Em ano eleitoral, nenhum gesto institucional é neutro. Muito menos a escolha de uma metrópole para sediar um encontro estratégico como o Fórum Paulista de Mobilidade Urbana. Quando Campinas recebe dirigentes de dezenas de municípios e até de outros estados, o que está em jogo vai muito além da troca técnica, esse fato carrega também, inevitavelmente, um componente político que não pode ser ignorado. A vitrine então é montada. Ao apresentar estruturas, como o Centro de Controle Operacional e os sistemas de inspeção veicular, a cidade não apenas compartilha experiências como também projeta uma imagem de eficiência e modernidade. Em um cenário no qual a mobilidade urbana pesa cada vez mais na avaliação do eleitor, mostrar resultados concretos ganha valor eleitoral indireto.
Não se trata de desmerecer a importância técnica do encontro. Longe disso, ela existe e é relevante. Afinal, trocas de ideias, discussão sobre financiamento do transporte público e debate sobre inovação são fundamentais para os municípios que enfrentam problemas semelhantes. Contudo, em política, o contexto redefine a leitura. E o calendário eleitoral impõe uma camada adicional de interpretação. Receber mais de 200 participantes de 70 cidades também significa atrair os olhares. Gestores locais se tornam anfitriões, suas políticas públicas entram em observação e, ainda que informalmente, passam a ser avaliadas por pares e potenciais replicadores. Sem dúvida, trata-se de uma oportunidade de consolidar reputação, algo valioso em qualquer momento, mas especialmente estratégico quando o voto se aproxima.
Ao mesmo tempo, o encontro evidencia uma prática que deveria ser regra, não exceção: a continuidade administrativa. Projetos de mobilidade não nascem nem amadurecem em um único mandato. Eles exigem planejamento de longo prazo, investimento constante e, sobretudo, estabilidade de diretrizes. Em ano eleitoral, esse é um ponto sensível, e o risco de descontinuidade sempre ronda.

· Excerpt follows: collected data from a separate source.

Lemma ImM c d : Im (c * d) = Re c * Im d + Im c * Re d.
Proof. by case: c d => [a b] [a' b']. Qed.

Lemma Re_sum (I : Type) (s : seq I) (P : pred I) (F : I -> R[i]) :
  Re (\sum_(i <- s | P i) F i) = \sum_(i <- s | P i) Re (F i).
Proof. exact: raddf_sum. Qed.

Lemma sqnormcM c d : sqnormc (c * d) = sqnormc c * sqnormc d.
Proof. by rewrite /sqnormc ReM ImM; ring. Qed.

Lemma sqnormc_real r : sqnormc (r%:C)%C = r ^+ 2.
Proof. by rewrite /sqnormc /= expr0n addr0. Qed.

Lemma sqnormc1 : sqnormc 1 = 1.
Proof. by rewrite sqnormc_real expr1n. Qed.

Lemma normr_Re_le c : `|Re c| <= Num.sqrt (sqnormc c).
Proof. by rewrite -sqrtr_sqr ler_wsqrtr // lerDl sqr_ge0. Qed.

Lemma normr_Im_le c : `|Im c| <= Num.sqrt (sqnormc c).
Proof. by rewrite -sqrtr_sqr ler_wsqrtr // lerDr sqr_ge0. Qed.

Lemma sqrt_sqnormc_le c : Num.sqrt (sqnormc c) <= `|Re c| + `|Im c|.
Proof.
rewrite -[leRHS]ger0_norm ?addr_ge0 // -sqrtr_sqr ler_wsqrtr //.
rewrite /sqnormc sqrrD !real_normK ?num_real //.
by rewrite -addrA lerD2l lerDr mulrn_wge0 // mulr_ge0.
Qed.
End ComplexModulus.

Section RowVectorNorm.
Variables (R : realType) (m : nat).
Implicit Types (v w : 'rV[R[i]]_m) (c : R[i]) (r : R).

Definition vsqnorm v : R := \sum_i sqnormc (v 0 i).
Definition vdot v w : R :=
  \sum_i (Re (v 0 i) * Re (w 0 i) + Im (v 0 i) * Im (w 0 i)).
Definition vnorm v : R := Num.sqrt (vsqnorm v).

Lemma vsqnorm_ge0 v : 0 <= vsqnorm v.
Proof. by apply: sumr_ge0 => i _; apply: sqnormc_ge0. Qed.

Lemma vsqnorm_eq0 v : vsqnorm v = 0 -> v = 0.
Proof.
move=> /(psumr_eq0P (fun i _ => sqnormc_ge0 _)) v0.
by apply/rowP => i; rewrite mxE; apply/sqnormc_eq0/v0.
Qed.

Lemma vdotvv v : vdot v v = vsqnorm v.
Proof. by apply: eq_bigr => i _; rewrite /sqnormc !expr2. Qed.

Lemma vdot0l w : vdot 0 w = 0.
Proof. by rewrite /vdot big1 // => i _; rewrite mxE !mul0r addr0. Qed.

Lemma vdotZl r v w : vdot ((r%:C)%C *: v) w = r * vdot v w.
Proof.
rewrite /vdot mulr_sumr; apply: eq_bigr => i _.
by rewrite mxE ReM ImM /=; ring.
Qed.

Lemma vsqnormD v w : vsqnorm (v + w) = vsqnorm v + 2 * vdot v w + vsqnorm w.
Proof.
rewrite /vsqnorm /vdot mulr_sumr -!big_split /=; apply: eq_bigr => i _.
by rewrite mxE /sqnormc !raddfD /=; ring.
Qed.

Lemma vsqnormZ c v : vsqnorm (c *: v) = sqnormc c * vsqnorm v.
Proof. by rewrite /vsqnorm mulr_sumr; apply: eq_bigr => i _; rewrite mxE sqnormcM. Qed.

Lemma vdot_cauchy_schwarz v w : vdot v w ^+ 2 <= vsqnorm v * vsqnorm w.
Proof.
have [/vsqnorm_eq0 ->|v0] := eqVneq (vsqnorm v) 0.
  by rewrite vdot0l expr0n mulr_ge0 ?vsqnorm_ge0.
have vpos : 0 < vsqnorm v by rewrite lt_def v0 vsqnorm_ge0.
(* evaluate |t v + w|^2 >= 0 at its minimiser t = - vdot v w / vsqnorm v *)
have := vsqnorm_ge0 (((- vdot v w / vsqnorm v)%:C)%C *: v + w).
rewrite vsqnormD vsqnormZ sqnormc_real vdotZl.
set A := vsqnorm v; set x := vdot v w.
have -> : (- x / A) ^+ 2 * A + 2 * (- x / A * x) + vsqnorm w = vsqnorm w - x ^+ 2 / A.
  by field; rewrite v0.
by rewrite subr_ge0 ler_pdivrMr // mulrC.
Qed.

Lemma vnorm_ge0 v : 0 <= vnorm v.
Proof. exact: sqrtr_ge0. Qed.

Lemma sqr_vnorm v : vnorm v ^+ 2 = vsqnorm v.
Proof. exact/sqr_sqrtr/vsqnorm_ge0. Qed.

Lemma vnorm0 : vnorm 0 = 0.
Proof.
by rewrite /vnorm /vsqnorm big1 ?sqrtr0 // => i _; rewrite mxE sqnormc_real expr0n.
Qed.

Lemma vnorm_eq0 v : vnorm v = 0 -> v = 0.
Proof.
move=> /eqP; rewrite sqrtr_eq0 => v0.
by apply/vsqnorm_eq0/le_anti; rewrite v0 vsqnorm_ge0.
Qed.

Lemma vdot_le v w : vdot v w <= vnorm v * vnorm w.
Proof.
apply: le_trans (ler_norm _) _.
by rewrite -sqrtr_sqr -sqrtrM ?vsqnorm_ge0 // ler_wsqrtr // vdot_cauchy_schwarz.
Qed.

Lemma vnormD v w : vnorm (v + w) <= vnorm v + vnorm w.
Proof.
rewrite -(ler_pXn2r (_ : 0 < 2)%N) ?nnegrE ?addr_ge0 ?vnorm_ge0 //.
by rewrite sqr_vnorm vsqnormD sqrrD !sqr_vnorm; have := vdot_le v w; lra.
Qed.

Lemma vnormZ c v : vnorm (c *: v) = Num.sqrt (sqnormc c) * vnorm v.
Proof. by rewrite /vnorm vsqnormZ sqrtrM ?sqnormc_ge0. Qed.
(* Let $\phi\colon H\to\mathrm{Out}(A_\Gamma)$ be a homomorphism and let $\Delta,\Sigma\in\mathcal L^\phi$. Then (i) $\Delta\cap\Sigma\in\mathcal L^\phi$; and (ii) if $\mathrm{lk}(\Delta\cap\Sigma)\subseteq\mathrm{st}(\Delta)$, then $\Delta\cup\Sigma\in\mathcal L^\phi$.
   Context: $\Gamma$ is a finite simplicial graph, $A_\Gamma$ its RAAG. Induced subgraphs are identified with their vertex sets, and $\cap,\cup$ of induced subgraphs means the induced subgraph on the intersection/union of vertex sets. For an induced subgraph $\Delta$, $A_\Delta$ is the subgroup generated by its vertices, $\mathrm{lk}(\Delta)=\bigcap_{v\in\Delta}\mathrm{lk}(v)$ (the vertices adjacent to all vertices of $\Delta$; $\mathrm{lk}(\emptyset)=\Gamma$) and $\mathrm{st}(\Delta)=\Delta\cup\mathrm{lk}(\Delta)$. The system of invariant subgraphs $\mathcal L^\phi$ is the set of induced subgraphs $\Delta\subseteq\Gamma$ (including the empty one) such that every element of $\phi(H)$ maps $A_\Delta$ to a conjugate of $A_\Delta$ (i.e. $\phi(H)$ preserves the conjugacy class of $A_\Delta$). *)

(* Concrete model of a right-angled Artin group A_Gamma:
   elements are words in the letters v^{+1}, v^{-1} (v a vertex), modulo the
   congruence generated by free cancellation and commutation of letters whose
   underlying vertices are adjacent. *)
From mathcomp Require Import all_boot.
Set Implicit Arguments. Unset Strict Implicit. Unset Printing Implicit Defensive.

Section RAAG.
Variable V : finType.
Variable adj : rel V.   (* edge relation of Gamma (assumed symmetric, irreflexive) *)

(* a letter (v, false) is the generator v, (v, true) is v^-1 *)
Definition letter := (V * bool)%type.
Definition word := seq letter.
Definition inv_letter (x : letter) : letter := (x.1, ~~ x.2).
Definition winv (w : word) : word := rev (map inv_letter w).
Definition gen (v : V) : word := [:: (v, false)].

Inductive weq : word -> word -> Prop :=
| weq_refl w : weq w w
| weq_sym w1 w2 : weq w1 w2 -> weq w2 w1
| weq_trans w1 w2 w3 : weq w1 w2 -> weq w2 w3 -> weq w1 w3
| weq_cancel (u v : word) (x : letter) :
    weq (u ++ x :: inv_letter x :: v) (u ++ v)
| weq_comm (u v : word) (x y : letter) :
    adj x.1 y.1 -> weq (u ++ x :: y :: v) (u ++ y :: x :: v).

Definition ext (g : V -> word) (w : word) : word :=
  flatten (map (fun x => if x.2 then winv (g x.1) else g x.1) w).

Definition is_endo (g : V -> word) : Prop :=
  forall u v, adj u v -> weq (g u ++ g v) (g v ++ g u).

Definition is_auto (g : V -> word) : Prop :=
  is_endo g /\ exists h, is_endo h /\
    forall v, weq (ext g (h v)) (gen v) /\ weq (ext h (g v)) (gen v).

Definition comp (g1 g2 : V -> word) : V -> word := fun v => ext g1 (g2 v).

Definition out_eq (g1 g2 : V -> word) : Prop :=
  exists c : word, forall v, weq (g1 v) (winv c ++ g2 v ++ c).

Definition in_special (D : {set V}) (w : word) : Prop :=
  exists w', weq w w' /\ all (fun x : letter => x.1 \in D) w'.

Definition conjw (c w : word) : word := winv c ++ w ++ c.

Definition maps_to_conj (g : V -> word) (D : {set V}) : Prop :=
  exists c : word,
    (forall w, in_special D w -> in_special D (conjw c (ext g w))) /\
    (forall u, in_special D u -> exists w, in_special D w /\ weq (conjw c (ext g w)) u).

Definition lk (D : {set V}) : {set V} := [set v | [forall u in D, adj u v]].
Definition st (D : {set V}) : {set V} := D :|: lk D.

(* a homomorphism phi : H -> Out(A_Gamma), each phi h given by a representative
   automorphism of A_Gamma *)
Definition is_group (H : Type) (mul : H -> H -> H) (one : H) (inv : H -> H) : Prop :=
  (forall a b c, mul a (mul b c) = mul (mul a b) c) /\
  (forall a, mul one a = a /\ mul a one = a) /\
  (forall a, mul (inv a) a = one /\ mul a (inv a) = one).

Definition is_out_hom (H : Type) (mul : H -> H -> H) (phi : H -> V -> word) : Prop :=
  (forall h, is_auto (phi h)) /\
  (forall h1 h2, out_eq (phi (mul h1 h2)) (comp (phi h1) (phi h2))).

Definition invariant_sub (H : Type) (phi : H -> V -> word) (D : {set V}) : Prop :=
  forall h, maps_to_conj (phi h) D.
(* Assume the standing assumptions on $A,\Omega,R,K$ stated in the context, and assume that there exists $\theta_0\in]-A,A[$ such that $\min_{\theta\in]-A,A[}\lambda(\theta,0)=\lambda(\theta_0,0)<0$. Then $\mu_\varepsilon\to\lambda(\theta_0,0)$ as $\varepsilon\to0$.
   Context: Standing assumptions: $A>0$; $\Omega=\bigcup_{i=1}^m ]a_i,b_i[\subset\mathbb{R}$ with $a_1<b_1<a_2<\dots<a_m<b_m$; $R\in C^1(\overline\Omega\times[-A,A])$ with $\|R\|_{W^{1,\infty}(\Omega\times]-A,A[)}<C_R$ for a constant $C_R$; $K$ is a $C^1$ even function (defined on the differences $x-y$, $x,y\in\Omega$) with $K>0$, $0<c_K<K<C_K$ and $|K'|<C_K$ for constants $c_K,C_K$. For a function $\phi$ of $x\in\Omega$ (possibly depending on other variables) set $L\phi(x)=\int_\Omega[\phi(x)-\phi(y)]K(x-y)\,dy$. For $\theta\in[-A,A]$ and a bounded function $\rho$ on $\Omega$, $\lambda(\theta,\rho)$ is the principal eigenvalue (eigenvalue with a positive eigenfunction) of $\psi\mapsto-\psi''+L\psi-(R(\cdot,\theta)-\rho)\psi$ on $\Omega$ with Neumann boundary condition $\partial_\nu\psi=0$ on $\partial\Omega$. For $\varepsilon>0$, $\mu_\varepsilon$ is the principal eigenvalue of $\xi\mapsto-\partial_{xx}\xi-\varepsilon^2\partial_{\theta\theta}\xi+L\xi-R\xi$ on $\Omega\times]-A,A[$ with Neumann boundary conditions $\partial_{\nu_x}\xi=\partial_{\nu_\theta}\xi=0$ on $\partial(\Omega\times]-A,A[)$. *)

From Stdlib Require Import Reals Lra.
From Coquelicot Require Import Coquelicot.
Open Scope R_scope.

(* Omega = union_{i<m} ]a i, b i[ with a 0 < b 0 < a 1 < ... < b (m-1). *)
Definition intervals_ok (m : nat) (a b : nat -> R) : Prop :=
  (1 <= m)%nat /\
  (forall i, (i < m)%nat -> a i < b i) /\
  (forall i, (S i < m)%nat -> b i < a (S i)).

Definition inOmega (m : nat) (a b : nat -> R) (x : R) : Prop :=
  exists i, (i < m)%nat /\ a i < x < b i.

Definition inOmegaBar (m : nat) (a b : nat -> R) (x : R) : Prop :=
  exists i, (i < m)%nat /\ a i <= x <= b i.

Fixpoint intOmega (m : nat) (a b : nat -> R) (f : R -> R) : R :=
  match m with
  | O => 0
  | S k => intOmega k a b f + RInt f (a k) (b k)
  end.

Definition Lop (m : nat) (a b : nat -> R) (K : R -> R) (phi : R -> R) (x : R) : R :=
  intOmega m a b (fun y => (phi x - phi y) * K (x - y)).

Definition dx (f : R -> R -> R) (x th : R) : R := Derive (fun y => f y th) x.
Definition dth (f : R -> R -> R) (x th : R) : R := Derive (fun t => f x t) th.
Definition dxx (f : R -> R -> R) (x th : R) : R := Derive_n (fun y => f y th) 2 x.
Definition dthth (f : R -> R -> R) (x th : R) : R := Derive_n (fun t => f x t) 2 th.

Assim, sediar o Fórum diz respeito também ao reconhecimento técnico de Campinas. Sendo ainda um teste político, um teste de coerência entre o que se exibe e o que se sustenta ao longo do tempo. Porque, passada a vitrine, o que permanece, e o que o eleitor tende a cobrar, é a capacidade de transformar boas práticas em políticas duradouras.
No fim, o encontro deixa uma mensagem que ultrapassa o evento: mobilidade urbana não deveria ser pauta de ocasião. Mas, em ano eleitoral, acaba sendo também um termômetro e uma poderosa ferramenta de narrativa.